À quelques jours d’intervalle, le roi Mohammed VI a annoncé deux nouvelles de taille. La première exprimée par le Souverain au chef du gouvernement, Aziz Akhannouch, dans sa demande de lancement du processus de réforme de la Moudawana dans un délai de six mois. Quant à la seconde, elle aussi historique: l’annonce par le Souverain de l’organisation de la Coupe du monde 2030 par le Maroc, l’Espagne et le Portugal.
Hasard du calendrier? Pas si sûr, car ces deux avancées, sociale et sportive, sont intrinsèquement liées l’une à l’autre. Le parcours incroyable des Lionnes de l’Atlas, le soutien qu’ont apporté les Marocains à leur équipe féminine, le rayonnement à l’international de cette équipe de jeunes femmes, en est le parfait exemple. Bien plus que n’importe quel discours militant, manifeste féministe ou manifestation pour les droits des femmes, l’engouement suscité par les succès des Lionnes de l’Atlas a fait faire un bond colossal dans les mentalités quant aux droits des femmes et à l’égalité des sexes. C’est là la beauté et la force du sport, réussir à effacer les barrières, donner une chance à tous et à toutes, renforcer les notions de compétences et de succès par le travail et la constance… et faire vibrer à l’unisson des millions de personnes autour de ces valeurs.
Le fait que le chantier de réforme de la Moudawana se fasse en même temps que l’organisation de la Coupe du monde 2030 est donc en soi très inspirant. Car, nous ne le savons que trop bien, tous les projecteurs du monde entier seront braqués sur nous pendant toute la durée de la préparation du tournoi et de son déroulement.
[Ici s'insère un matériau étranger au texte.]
Lemma rank_deficit_le_mass (pm L : R) W :
  0 <= pm -> (forall i, pm <= p i) -> 0 <= L -> (forall i, rownorm2 V i <= L) ->
  pm / L * rank_deficit W <= \sum_(i | ~~ (row i V <= W)%MS) p i.
Proof.
move=> pm_ge0 pm_le L_ge0 rownorm2_le; have q_ge0 : 0 <= pm / L by rewrite divr_ge0.
apply: le_trans (ler_wpM2l q_ge0 (rank_deficit_le_leverage V_orth W)) _.
rewrite mulr_sumr; apply: ler_sum => i _; apply: le_trans (pm_le i).
apply: le_trans (ler_wpM2l q_ge0 (rownorm2_le i)) _.
by have [->|L_neq0] := eqVneq L 0; rewrite ?mulr0 ?divfK.
Qed.

Lemma mean_rank_deficit_step (pm L : R) W :
  0 <= pm -> (forall i, pm <= p i) -> 0 <= L -> (forall i, rownorm2 V i <= L) ->
  \sum_i p i * rank_deficit (W + <<row i V>>)%MS <= expR (- (pm / L)) * rank_deficit W.
Proof.
move=> pm_ge0 pm_le L_ge0 rownorm2_le.
under eq_bigr do rewrite rank_deficit_adds mulrBr.
rewrite sumrB -mulr_suml p_sum1 mul1r.
have -> : \sum_i p i * (~~ (row i V <= W)%MS)%:R = \sum_(i | ~~ (row i V <= W)%MS) p i.
  rewrite [RHS]big_mkcond; apply: eq_bigr => i _.
  by case: (row i V <= W)%MS; rewrite ?mulr1 ?mulr0.
apply: le_trans (_ : (1 - pm / L) * rank_deficit W <= _).
  by rewrite mulrBl mul1r lerB // rank_deficit_le_mass.
by apply: ler_wpM2r; [exact: rank_deficit_ge0 | exact: expR_ge1Dx].
Qed.

Lemma mean_rank_deficit_le (c : R) :
  (forall i, 0 <= p i) -> 0 <= c ->
  (forall W, \sum_i p i * rank_deficit (W + <<row i V>>)%MS <= c * rank_deficit W) ->
  forall k W, iid_mean p (fun f : {ffun 'I_k -> 'I_n} => rank_deficit (W + sample_span V f)%MS)
    <= c ^+ k * rank_deficit W.
Proof.
move=> p_ge0 c_ge0 step; elim=> [|k IHk] W.
  under eq_iid_mean do rewrite /sample_span big_ord0 addsmx0_id.
  by rewrite iid_mean_cst // expr0 mul1r.
rewrite iid_meanS; under eq_bigr => i _ do under eq_iid_mean do rewrite sample_span_cons.
apply: le_trans (_ : \sum_i p i * (c ^+ k * rank_deficit (W + <<row i V>>)%MS) <= _).
  by apply: ler_sum => i _; apply: ler_wpM2l.
under eq_bigr do rewrite mulrCA.
by rewrite -mulr_sumr exprSr -mulrA ler_wpM2l ?exprn_ge0.
Qed.

End Contraction.

Lemma sampleA_colsub (R : realType) m n d (M : 'M[R]_(m, n)) (p : 'I_n -> R)
    (f : {ffun 'I_d -> 'I_n}) :
  sampleA M p f = colsub f M *m diag_mx (\row_j (Num.sqrt (d%:R * p (f j)))^-1).
Proof. by apply/matrixP => a j; rewrite mul_mx_diag !mxE. Qed.

Lemma mxrank_sampleA (R : realType) m n r d (M : 'M[R]_(m, n)) (U : 'M[R]_(m, r))
    (V : 'M[R]_(n, r)) (s : 'rV[R]_r) (p : 'I_n -> R) (f : {ffun 'I_d -> 'I_n}) :
  M = U *m diag_mx s *m V^T -> U^T *m U = 1%:M -> (forall k, s 0 k != 0) ->
  (forall i, 0 < p i) -> \rank (sampleA M p f) = \rank (sample_span V f).
Proof.
move=> -> U_orth s_neq0 p_gt0.
have c_neq0 (j : 'I_d) : (\row_j (Num.sqrt (d%:R * p (f j)))^-1) 0 j != 0.
  rewrite mxE invr_eq0 sqrtr_eq0 -ltNge mulr_gt0 // ltr0n.
  exact: leq_ltn_trans (leq0n j) (ltn_ord j).
rewrite sampleA_colsub mxrank_mul_diag // -mulmx_colsub -mulmxA.
rewrite (mxrank_mul_linv _ U_orth) mxrank_diag_mul // mxrank_sample_span.
by rewrite -trmx_mxsub mxrank_tr.
Qed.

Lemma pmin_le (R : realType) n (p : 'I_n -> R) i : pmin p <= p i.
Proof. exact: bigmin_le. Qed.

Lemma pmin_gt0 (R : realType) n (p : 'I_n -> R) : (forall i, 0 < p i) -> 0 < pmin p.
Proof. by move=> p_gt0; apply: lt_bigmin. Qed.

Lemma incoherence_ge0 (R : realType) m n r (U : 'M[R]_(m, r)) (V : 'M[R]_(n, r)) :
  0 <= incoherence U V.
Proof. by rewrite le_max bigmax_ge_id. Qed.
(* Let $\mathsf C$ be a triangulated category and let $A\to B\to C\to\Sigma A$ and $A'\to B'\to C'\to\Sigma A'$ be two homotopy equivalent exact triangles. Then $A\oplus B'\oplus C\cong A'\oplus B\oplus C'$.
   Context: An exact triangle $A\to B\to C\to\Sigma A$ induces a presentation of a functor $F\colon\mathsf C^{\mathrm{op}}\to\mathrm{Ab}$ if there is an exact sequence $\mathrm{Hom}(-,B)\to\mathrm{Hom}(-,C)\to F\to0$ in which the first map is induced by $B\to C$. Two exact triangles are homotopy equivalent if they induce presentations of the same functor. *)

From mathcomp Require Import all_boot all_algebra.
Set Implicit Arguments. Unset Strict Implicit. Unset Printing Implicit Defensive.
Import GRing.Theory.
Local Open Scope ring_scope.

Record PreAddCat := MkPreAddCat {
  Obj :> Type;
  Hom : Obj -> Obj -> zmodType;
  idm : forall a, Hom a a;
  comp : forall a b c, Hom b c -> Hom a b -> Hom a c;
  compA : forall a b c d (h : Hom c d) (g : Hom b c) (f : Hom a b),
      comp h (comp g f) = comp (comp h g) f;
  comp1m : forall a b (f : Hom a b), comp (idm b) f = f;
  compm1 : forall a b (f : Hom a b), comp f (idm a) = f;
  compDl : forall a b c (g1 g2 : Hom b c) (f : Hom a b),
      comp (g1 + g2) f = comp g1 f + comp g2 f;
  compDr : forall a b c (g : Hom b c) (f1 f2 : Hom a b),
      comp g (f1 + f2) = comp g f1 + comp g f2 }.
(* Let $a\in K$ and let $b_1,\dots,b_\ell\in K$ be distinct ($\ell\ge1$). Suppose that either $(a,b_i)\in S$ for all $i$, or $(b_i,a)\in S$ for all $i$. Then $\pi\ge\ell(n-2q-m+1)+q-m-1$.
   Context: $G$ is a set of size $n$ and $G(\circ)$, $G(\ast)$ are distinct groups on $G$ with the same identity element. $\mathrm{diff}(\circ,\ast)=\{(a,b):a\circ b\ne a\ast b\}$, $\mathrm{dist}(\circ,\ast)=|\mathrm{diff}(\circ,\ast)|$, $\mathrm{dist}_a=|\{b:a\circ b\ne a\ast b\}|$; $H=\{a:\mathrm{dist}_a=0\}$, $h=|H|$; $K=\{a:\mathrm{dist}_a<n/3\}$, $k=|K|$; $m=\min\{\mathrm{dist}_a:\mathrm{dist}_a>0\}$. Standing assumption: $m\ge 3$. Let $q=\lceil n/3\rceil$ and the profit $\pi=\mathrm{dist}(\circ,\ast)-((k-h)m+(n-k)q)$. Let $S=\{(a,b)\in\mathrm{diff}(\circ,\ast):a,b\in K,\ a\ne b\}$, $s=|S|$. *)

From HB Require Import structures.
From mathcomp Require Import all_boot all_order all_algebra.
Set Implicit Arguments. Unset Strict Implicit. Unset Printing Implicit Defensive.

Section GroupDist.
Variable T : finType.

Definition is_group (op : T -> T -> T) (e : T) : Prop :=
  associative op /\ left_id e op /\ right_id e op /\
  (forall x, exists y, op y x = e /\ op x y = e).

Variables (op1 op2 : T -> T -> T).

Definition diffset : {set T * T} :=
  [set p : T * T | op1 p.1 p.2 != op2 p.1 p.2].
Definition dist : nat := #|diffset|.
Definition dista (a : T) : nat := #|[set b : T | op1 a b != op2 a b]|.
Definition Hset : {set T} := [set a : T | dista a == 0%N].
Definition hh : nat := #|Hset|.
(* K = {a : dist_a < n/3}, i.e. 3 * dist_a < n *)
Definition Kset : {set T} := [set a : T | 3 * dista a < #|T|].
Definition kk : nat := #|Kset|.
(* m = min {dist_a : dist_a > 0}; default #|T| is irrelevant when the
   groups are distinct since dist_a <= #|T| *)
Definition mm : nat := \big[minn/#|T|]_(a | 0 < dista a) dista a.
(* q = ceil(n/3) *)
Definition qq : nat := (#|T| + 2) %/ 3.
Definition profit : int :=
  (dist%:Z - (((kk%:Z - hh%:Z) * mm%:Z) + ((#|T|%:Z - kk%:Z) * qq%:Z)))%R.
Definition Sset : {set T * T} :=
  [set p : T * T | [&& p \in diffset, p.1 \in Kset, p.2 \in Kset & p.1 != p.2]].

End GroupDist.

From HB Require Import structures.
From mathcomp Require Import all_boot all_order all_algebra.
From mathcomp Require Import zify.
Import Order.TTheory GRing.Theory Num.Theory.

(* The profit splits as a sum over x of dist_x minus a charge (0 on H, m on
   K \ H, q outside K), and every summand is nonnegative.  If u o v <> u * v,
   no x can have (u o v) x, v x and u (v x) all computed alike by both laws:
   associativity and cancelling x would give u o v = u * v.  Hence
   n <= dist_(u o v) + dist_u + dist_v.  For the pairs (a, b_i) this puts the
   distinct elements c_i = a o b_i (or b_i o a) outside K, and summing the
   profit terms of a, the b_i and the c_i gives the bound. *)

Section GroupCancel.
Context {T : finType} {op : T -> T -> T} {e : T}.
Hypothesis G : is_group op e.

Lemma is_group_opI x : injective (op x).
Proof.
case: G => opA [op1x [_ inv]] y z eq_xy_xz; case: (inv x) => w [wx _].
by rewrite -(op1x y) -(op1x z) -wx -!opA eq_xy_xz.
Qed.

Lemma is_group_opIr x : injective (op^~ x).
Proof.
case: G => opA [_ [opx1 inv]] y z eq_yx_zx; case: (inv x) => w [_ xw].
by rewrite -(opx1 y) -(opx1 z) -xw !opA eq_yx_zx.
Qed.

End GroupCancel.

Section Profit.
Context {T : finType} {op1 op2 : T -> T -> T} {e : T}.
Hypotheses (G1 : is_group op1 e) (G2 : is_group op2 e).

Local Notation dA := (dista op1 op2).
Local Notation K := (Kset op1 op2).
Local Notation H := (Hset op1 op2).
Local Notation m := (mm op1 op2).
Local Notation q := (qq T).

Lemma card_le_dista_op u v : op1 u v != op2 u v ->
  #|T| <= dA (op1 u v) + dA u + dA v.
Proof.
move=> neq_uv; set c := op1 u v.
set X := [set x | op1 c x != op2 c x].
set Y := [set x | op1 v x != op2 v x].
set Du := [set y | op1 u y != op2 u y].
have cardDu : #|op1 v @^-1: Du| = dA u by rewrite card_preimset //; exact: is_group_opI G1 v.
have coverXC : ~: X \subset Y :|: op1 v @^-1: Du.
  apply/subsetP => x; rewrite !inE negbK => /eqP cx_eq.
  apply: contraR neq_uv; rewrite negb_or !negbK => /andP [/eqP vx_eq /eqP uvx_eq].
  apply/eqP; apply: (is_group_opIr G2 x).
  case: G1 => opA1 _; case: G2 => opA2 _.
  by rewrite -cx_eq -opA1 uvx_eq vx_eq opA2.
have := cardsC X; have := subset_leq_card coverXC; have := cardsU Y (op1 v @^-1: Du).
rewrite cardDu /dista -/X -/Y; lia.
Qed.

Definition charge (x : T) : nat := if x \in H then 0 else if x \in K then m else q.

Definition profit_term (x : T) : int := ((dA x)%:Z - (charge x)%:Z)%R.

Lemma Hset_subset_Kset : H \subset K.
Proof.
apply/subsetP => x; rewrite !inE => /eqP ->; rewrite muln0.
by apply/card_gt0P; exists x.
Qed.

Lemma dist_sum : dist op1 op2 = \sum_x dA x.
Proof.
under eq_bigr do rewrite /dista -sum1dep_card.
by rewrite pair_big_dep /dist /diffset -sum1dep_card.
Qed.

Lemma sum_charge : \sum_x charge x = #|K :\: H| * m + #|~: K| * q.
Proof.
rewrite (bigID (mem K)) /= -!sum_nat_const; congr (_ + _).
- rewrite (bigID (mem H)) /= big1 => [|x /andP [_ xH]]; last by rewrite /charge xH.
  apply: eq_big => [x|x /andP [xK xH]]; first by rewrite !inE andbC.
  by rewrite /charge (negbTE xH) xK.
- apply: eq_big => [x|x xK]; first by rewrite !inE.
  have xH : x \notin H by apply: contra xK; exact: (subsetP Hset_subset_Kset).
  by rewrite /charge (negbTE xH) (negbTE xK).
Qed.

Lemma profit_sum : profit op1 op2 = (\sum_x profit_term x)%R.
Proof.
rewrite /profit_term sumrB -!(big_morph _ PoszD (erefl (Posz 0))) -dist_sum sum_charge.
rewrite cardsD (setIidPr Hset_subset_Kset).
have := subset_leq_card Hset_subset_Kset; have := cardsC K.
rewrite /profit /kk /hh; nia.
Qed.

Lemma profit_term_ge0 x : (0 <= profit_term x)%R.
Proof.
rewrite /profit_term /charge subr_ge0 lez_nat.
case: ifP => [//|/negbT]; rewrite inE -lt0n => dA_gt0.
case: ifP => [_|]; first exact: (@bigmin_le_cond _ nat).
by rewrite inE /qq => /negbT; lia.
Qed.

Lemma profit_term_Kset {x : T} : x \in K -> ((dA x)%:Z - m%:Z <= profit_term x)%R.
Proof. by rewrite /profit_term /charge => ->; case: ifP => _; lia. Qed.

Lemma profit_term_notin_Kset {x : T} : x \notin K -> profit_term x = ((dA x)%:Z - q%:Z)%R.
Proof.
move=> xK; have xH : x \notin H by apply: contra xK; exact: (subsetP Hset_subset_Kset).
by rewrite /profit_term /charge (negbTE xH) (negbTE xK).
Qed.

Lemma sum_profit_term_le (A : {set T}) : (\sum_(x in A) profit_term x <= profit op1 op2)%R.
Proof.
rewrite profit_sum [X in (_ <= X)%R](bigID (mem A)) /= lerDl.
by apply: sumr_ge0 => x _; exact: profit_term_ge0.
Qed.

Lemma dista_cover_notin_Kset {x y z : T} : x \in K -> y \in K ->
  #|T| <= dA z + dA x + dA y -> z \notin K.
Proof. rewrite !inE; lia. Qed.

Lemma profit_ge_pairs a l (b c : 'I_l -> T) :
  0 < l -> a \in K -> (forall i, b i \in K) -> injective b -> injective c ->
  (forall i, a != b i) -> (forall i, #|T| <= dA (c i) + dA a + dA (b i)) ->
  (l%:Z * (#|T|%:Z - 2 * q%:Z - m%:Z + 1) + q%:Z - m%:Z - 1 <= profit op1 op2)%R.
Proof.
move=> l_gt0 aK bK b_inj c_inj a_neq_b cover.
have cK i : c i \notin K := dista_cover_notin_Kset aK (bK i) (cover i).
set B := b @: [set: 'I_l]; set C := c @: [set: 'I_l].
have aBC : a \notin B :|: C.
  rewrite in_setU; apply/norP; split; apply/imsetP => -[i _ a_eq].
    by move: (a_neq_b i); rewrite a_eq eqxx.
  by move: (cK i); rewrite -a_eq aK.
have disjBC : [disjoint B & C].
  rewrite disjoints_subset; apply/subsetP => _ /imsetP [i _ ->].
  rewrite inE; apply/negP => /imsetP [j _ bc_eq].
  by move: (cK j); rewrite -bc_eq bK.
have sum_star : (\sum_(x in a |: (B :|: C)) profit_term x =
    profit_term a + \sum_(i in [set: 'I_l]) (profit_term (b i) + profit_term (c i)))%R.
  rewrite big_setU1 //= (eq_bigl [predU B & C]) => [|x]; last by rewrite !inE.
  rewrite bigU //= !big_imset => [|i j _ _|i j _ _];
    [by rewrite -big_split | exact: c_inj | exact: b_inj].
have sum_pairs : (\sum_(i in [set: 'I_l]) (#|T|%:Z - (dA a)%:Z - m%:Z - q%:Z)
    <= \sum_(i in [set: 'I_l]) (profit_term (b i) + profit_term (c i)))%R.
  apply: ler_sum => i _; have := profit_term_Kset (bK i).
  rewrite (profit_term_notin_Kset (cK i)); have := cover i; lia.
move: sum_pairs; rewrite sumr_const cardsT card_ord -mulr_natr natz.
have := sum_profit_term_le (a |: (B :|: C)); rewrite sum_star.
have := profit_term_Kset aK.
have dA_lt_q : dA a < q by move: aK; rewrite inE /qq; lia.
(* Together the bounds give l (n - m - q) - m - (l - 1) dA a; now use dA a <= q - 1. *)
have : (0 <= (l%:Z - 1) * (q%:Z - 1 - (dA a)%:Z))%R by apply: mulr_ge0; lia.
nia.
Qed.

End Profit.

Theorem lemma9p4 (T : finType) (op1 op2 : T -> T -> T) (e : T)
  (G1 : is_group op1 e) (G2 : is_group op2 e)
  (distinct : exists a b : T, op1 a b != op2 a b)
  (m_ge3 : 3 <= mm op1 op2)
  (a : T) (l : nat) (b : 'I_l -> T)
  (l_pos : 0 < l)
  (aK : a \in Kset op1 op2)
  (bK : forall i, b i \in Kset op1 op2)
  (b_inj : injective b)
  (hS : (forall i, (a, b i) \in Sset op1 op2) \/
        (forall i, (b i, a) \in Sset op1 op2)) :
  (l%:Z * (#|T|%:Z - 2 * (qq T)%:Z - (mm op1 op2)%:Z + 1)
     + (qq T)%:Z - (mm op1 op2)%:Z - 1 <= profit op1 op2)%R.
Proof.
have Sset_diff x y : (x, y) \in Sset op1 op2 -> op1 x y != op2 x y /\ x != y.
  by rewrite !inE => /and4P [].
case: hS => hS.
- apply: (profit_ge_pairs a l b (fun i => op1 a (b i))) => //.
  + by move=> i j /(is_group_opI G1) /b_inj.
  + by move=> i; case: (Sset_diff _ _ (hS i)).
  + by move=> i; case: (Sset_diff _ _ (hS i)) => /(card_le_dista_op G1 G2).
- apply: (profit_ge_pairs a l b (fun i => op1 (b i) a)) => //.
  + by move=> i j /(is_group_opIr G1) /b_inj.
  + by move=> i; case: (Sset_diff _ _ (hS i)) => _; rewrite eq_sym.
  + by move=> i; case: (Sset_diff _ _ (hS i)) => /(card_le_dista_op G1 G2); rewrite addnAC.
Qed.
Comme ce fut le cas pour le Qatar, passé au crible des critiques quant à sa politique sociale, économique, écologique et migratoire, ce sera assurément le cas du Maroc, qui sera d’ailleurs certainement même beaucoup plus scruté (et critiqué) que ses voisins espagnol et portugais.
Car l’enjeu pour un pays musulman et africain n’est pas le même que pour un pays occidental. Le traitement accordé par la presse internationale en est le reflet et les aprioris liés à nos sociétés arabo-amazigho-africano-musulmanes ne s’effaceront pas en un coup de baguette magique. Comme le Qatar, il va falloir convaincre. Convaincre que l’on peut faire aussi bien, voire beaucoup mieux que les autres. De la même manière que le Maroc, dans son incroyable performance lors de la Coupe du monde 2022, a porté l’étendard des pays arabes, musulmans et africains, il se verra assurément endosser la même responsabilité.
Parmi les enjeux qui sont au cœur de toutes nos discussions, depuis cette fantastique annonce, il y a bien sûr la remise à niveau des infrastructures sportives mais pas que… Parmi les chantiers devenus désormais urgents, car nous disposons maintenant d’une date butoir de sept ans pour les terminer, on ne peut que se réjouir à l’idée qu’enfin, les toilettes publiques ou encore l’accès aux personnes à mobilité réduite deviendront enfin des sujets de préoccupation majeure.
Il en va de même pour le développement et l’amélioration du réseau routier, ferroviaire, des transports publics, leur entretien, ne serait-ce qu’à l’échelle casablancaise, représente l’un des vœux pieux des habitants de la ville. Une ville qui pourrait d’ailleurs gagner en éclat et en blancheur avec un bon coup de peinture sur ses façades et une collecte des ordures mieux organisée.
À mesure qu’on liste les bullet points du plan d’action à mettre en place, on se prend à rêver de notre Maroc de demain. Mais au fait, dans sept ans, quel âge aurons-nous d’ailleurs? Et nos enfants?, se demande-t-on tout à coup… non, évitons cette question et restons positifs.
Un pays résolument inscrit dans son époque, moderne mais pas qu’en façade, qui accorde autant d’importance à son développement économique qu’à son développement social, lequel sera non seulement incarné par les avancées en matière de droits des femmes et de la famille mais aussi, nous ne l’oublions pas, par la reconstruction des villages d’Al Haouz et l’amélioration des conditions de vie des populations locales.
Cette Coupe du monde est une bénédiction pour le Maroc, gageons que nous saurons en tirer profit afin de ne pas risquer la même publicité catastrophique que celle qu’a gagnée la France, à la veille de l’organisation des Jeux olympiques de 2024, avec une invasion de punaises de lit. «Entre nos ennemis, les plus petits sont souvent les plus à craindre», disait à juste titre Jean de la Fontaine. Paris ne le sait aujourd’hui que trop bien. Tâchons d’en tenir compte nous aussi en nous inspirant du discours du roi Mohammed VI, l’été dernier, dans lequel le Souverain exaltait les vertus du «sérieux» comme clé de la réussite.